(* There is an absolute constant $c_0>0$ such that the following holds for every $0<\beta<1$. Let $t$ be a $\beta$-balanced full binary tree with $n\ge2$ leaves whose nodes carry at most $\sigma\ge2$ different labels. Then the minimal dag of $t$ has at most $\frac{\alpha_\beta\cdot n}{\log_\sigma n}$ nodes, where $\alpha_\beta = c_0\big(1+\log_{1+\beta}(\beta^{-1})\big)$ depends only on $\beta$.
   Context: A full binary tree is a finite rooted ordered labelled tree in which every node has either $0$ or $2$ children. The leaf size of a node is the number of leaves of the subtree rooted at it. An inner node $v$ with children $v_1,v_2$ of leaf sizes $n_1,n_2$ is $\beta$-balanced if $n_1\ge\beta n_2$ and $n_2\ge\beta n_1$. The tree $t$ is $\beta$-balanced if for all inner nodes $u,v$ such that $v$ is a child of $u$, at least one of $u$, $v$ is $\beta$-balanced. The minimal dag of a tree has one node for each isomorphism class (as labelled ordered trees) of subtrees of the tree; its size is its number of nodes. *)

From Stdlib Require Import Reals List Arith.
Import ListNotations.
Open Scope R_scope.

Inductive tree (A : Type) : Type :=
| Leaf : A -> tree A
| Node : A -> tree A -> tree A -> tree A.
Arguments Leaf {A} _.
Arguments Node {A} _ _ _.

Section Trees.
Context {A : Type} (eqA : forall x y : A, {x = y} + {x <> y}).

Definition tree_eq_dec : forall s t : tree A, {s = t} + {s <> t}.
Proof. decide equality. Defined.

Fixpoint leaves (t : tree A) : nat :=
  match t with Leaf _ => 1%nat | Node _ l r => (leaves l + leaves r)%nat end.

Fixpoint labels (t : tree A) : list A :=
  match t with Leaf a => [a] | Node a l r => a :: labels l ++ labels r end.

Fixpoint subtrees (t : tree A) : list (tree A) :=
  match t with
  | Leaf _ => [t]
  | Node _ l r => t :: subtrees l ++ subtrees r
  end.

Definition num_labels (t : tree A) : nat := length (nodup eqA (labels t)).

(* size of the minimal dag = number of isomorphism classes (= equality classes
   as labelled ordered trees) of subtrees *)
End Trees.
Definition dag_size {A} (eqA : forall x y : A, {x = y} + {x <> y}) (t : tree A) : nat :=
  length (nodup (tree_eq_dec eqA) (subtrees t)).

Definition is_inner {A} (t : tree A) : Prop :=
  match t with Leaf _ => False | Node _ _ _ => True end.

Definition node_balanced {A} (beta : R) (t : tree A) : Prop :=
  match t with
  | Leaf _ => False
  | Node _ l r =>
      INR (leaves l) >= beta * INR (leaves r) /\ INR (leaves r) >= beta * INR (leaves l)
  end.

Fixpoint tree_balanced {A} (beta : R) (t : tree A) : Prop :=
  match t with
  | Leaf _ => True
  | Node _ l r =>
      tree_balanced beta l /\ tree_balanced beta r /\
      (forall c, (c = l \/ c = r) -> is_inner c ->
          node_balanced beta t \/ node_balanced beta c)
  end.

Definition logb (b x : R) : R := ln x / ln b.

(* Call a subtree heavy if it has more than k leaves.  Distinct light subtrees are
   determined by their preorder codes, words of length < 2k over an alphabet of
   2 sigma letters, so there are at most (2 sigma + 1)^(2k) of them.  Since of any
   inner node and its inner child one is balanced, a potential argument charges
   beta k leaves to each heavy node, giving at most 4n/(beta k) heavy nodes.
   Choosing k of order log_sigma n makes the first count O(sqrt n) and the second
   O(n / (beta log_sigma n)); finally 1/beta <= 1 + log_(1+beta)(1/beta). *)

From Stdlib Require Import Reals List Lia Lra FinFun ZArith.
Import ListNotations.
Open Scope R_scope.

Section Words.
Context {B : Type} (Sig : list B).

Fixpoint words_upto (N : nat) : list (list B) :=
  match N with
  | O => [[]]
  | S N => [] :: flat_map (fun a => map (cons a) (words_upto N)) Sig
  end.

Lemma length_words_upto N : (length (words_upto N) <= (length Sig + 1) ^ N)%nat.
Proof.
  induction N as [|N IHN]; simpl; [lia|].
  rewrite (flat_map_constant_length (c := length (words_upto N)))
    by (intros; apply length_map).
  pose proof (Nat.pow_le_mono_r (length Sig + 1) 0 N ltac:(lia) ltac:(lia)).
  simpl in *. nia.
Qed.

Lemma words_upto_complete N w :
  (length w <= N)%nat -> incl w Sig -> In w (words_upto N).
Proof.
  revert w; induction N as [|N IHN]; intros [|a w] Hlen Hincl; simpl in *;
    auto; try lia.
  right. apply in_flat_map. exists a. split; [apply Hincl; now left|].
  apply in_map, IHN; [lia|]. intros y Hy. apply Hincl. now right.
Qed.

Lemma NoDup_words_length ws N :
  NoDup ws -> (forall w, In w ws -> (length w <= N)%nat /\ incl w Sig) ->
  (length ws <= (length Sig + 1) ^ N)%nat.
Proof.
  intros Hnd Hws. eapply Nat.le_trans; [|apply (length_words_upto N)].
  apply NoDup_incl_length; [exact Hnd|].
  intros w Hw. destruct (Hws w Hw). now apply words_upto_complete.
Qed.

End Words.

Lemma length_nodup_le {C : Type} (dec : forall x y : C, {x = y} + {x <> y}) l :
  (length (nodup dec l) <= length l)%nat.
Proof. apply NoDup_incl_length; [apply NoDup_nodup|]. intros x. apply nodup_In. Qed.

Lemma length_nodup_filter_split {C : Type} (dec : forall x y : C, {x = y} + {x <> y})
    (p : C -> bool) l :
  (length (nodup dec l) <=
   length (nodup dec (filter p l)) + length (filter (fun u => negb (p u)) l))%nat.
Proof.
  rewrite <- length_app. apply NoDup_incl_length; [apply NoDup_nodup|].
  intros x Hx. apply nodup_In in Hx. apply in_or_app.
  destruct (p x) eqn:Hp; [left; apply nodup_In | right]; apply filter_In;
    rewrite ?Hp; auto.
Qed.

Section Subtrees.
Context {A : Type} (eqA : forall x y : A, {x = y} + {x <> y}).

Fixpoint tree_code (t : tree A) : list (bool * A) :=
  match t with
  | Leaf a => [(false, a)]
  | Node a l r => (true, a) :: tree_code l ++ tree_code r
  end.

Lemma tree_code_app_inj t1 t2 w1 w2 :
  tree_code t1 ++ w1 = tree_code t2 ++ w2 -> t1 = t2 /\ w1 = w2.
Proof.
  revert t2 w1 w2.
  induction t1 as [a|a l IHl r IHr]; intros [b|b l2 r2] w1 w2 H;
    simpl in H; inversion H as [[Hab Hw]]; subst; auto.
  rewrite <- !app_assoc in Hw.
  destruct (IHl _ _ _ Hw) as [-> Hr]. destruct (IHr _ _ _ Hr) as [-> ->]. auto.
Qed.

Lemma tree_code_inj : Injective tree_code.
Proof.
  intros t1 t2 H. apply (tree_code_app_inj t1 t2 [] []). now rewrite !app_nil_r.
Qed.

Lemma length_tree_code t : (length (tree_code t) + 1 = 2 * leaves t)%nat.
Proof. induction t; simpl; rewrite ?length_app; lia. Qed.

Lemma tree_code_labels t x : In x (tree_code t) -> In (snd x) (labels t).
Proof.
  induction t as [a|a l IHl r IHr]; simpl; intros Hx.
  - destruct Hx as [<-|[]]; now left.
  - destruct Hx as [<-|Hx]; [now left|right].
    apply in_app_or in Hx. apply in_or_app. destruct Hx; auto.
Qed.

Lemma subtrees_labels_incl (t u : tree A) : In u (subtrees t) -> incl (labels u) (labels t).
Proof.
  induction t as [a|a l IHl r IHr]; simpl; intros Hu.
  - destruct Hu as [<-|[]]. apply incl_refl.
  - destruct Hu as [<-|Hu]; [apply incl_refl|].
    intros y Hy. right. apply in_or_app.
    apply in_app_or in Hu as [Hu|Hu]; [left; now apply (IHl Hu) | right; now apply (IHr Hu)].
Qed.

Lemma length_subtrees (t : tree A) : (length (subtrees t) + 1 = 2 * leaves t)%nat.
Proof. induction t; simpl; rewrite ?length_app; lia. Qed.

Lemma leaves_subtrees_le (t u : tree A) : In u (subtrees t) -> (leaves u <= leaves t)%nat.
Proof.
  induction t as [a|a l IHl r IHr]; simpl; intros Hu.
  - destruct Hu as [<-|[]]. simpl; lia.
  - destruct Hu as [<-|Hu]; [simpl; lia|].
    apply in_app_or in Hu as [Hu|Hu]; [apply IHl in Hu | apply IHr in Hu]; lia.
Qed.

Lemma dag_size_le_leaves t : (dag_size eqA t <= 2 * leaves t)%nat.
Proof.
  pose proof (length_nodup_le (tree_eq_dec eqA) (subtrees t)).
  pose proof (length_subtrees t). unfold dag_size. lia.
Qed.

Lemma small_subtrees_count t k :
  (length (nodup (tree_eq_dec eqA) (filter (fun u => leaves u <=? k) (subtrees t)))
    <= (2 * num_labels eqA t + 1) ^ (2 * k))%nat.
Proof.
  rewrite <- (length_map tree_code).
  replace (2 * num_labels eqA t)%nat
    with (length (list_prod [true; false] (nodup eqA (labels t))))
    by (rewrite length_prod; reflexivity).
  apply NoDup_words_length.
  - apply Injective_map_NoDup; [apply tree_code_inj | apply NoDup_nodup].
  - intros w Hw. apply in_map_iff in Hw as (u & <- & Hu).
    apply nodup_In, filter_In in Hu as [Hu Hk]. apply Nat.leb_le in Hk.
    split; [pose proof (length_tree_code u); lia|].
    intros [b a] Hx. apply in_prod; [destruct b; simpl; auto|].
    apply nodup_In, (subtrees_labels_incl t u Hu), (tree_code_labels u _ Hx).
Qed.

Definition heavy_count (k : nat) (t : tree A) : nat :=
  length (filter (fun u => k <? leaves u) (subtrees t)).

#### Exercise objective:
Look through the material above and print exactly the lines from the one containing "Lemma tree_code_labels t" to the one containing "- destruct Hu as [<-|[]]. apply incl_refl.", both included, and nothing more.

#### Solution for this problem:
Lemma tree_code_labels t x : In x (tree_code t) -> In (snd x) (labels t).
Proof.
  induction t as [a|a l IHl r IHr]; simpl; intros Hx.
  - destruct Hx as [<-|[]]; now left.
  - destruct Hx as [<-|Hx]; [now left|right].
    apply in_app_or in Hx. apply in_or_app. destruct Hx; auto.
Qed.

Lemma subtrees_labels_incl (t u : tree A) : In u (subtrees t) -> incl (labels u) (labels t).
Proof.
  induction t as [a|a l IHl r IHr]; simpl; intros Hu.
  - destruct Hu as [<-|[]]. apply incl_refl.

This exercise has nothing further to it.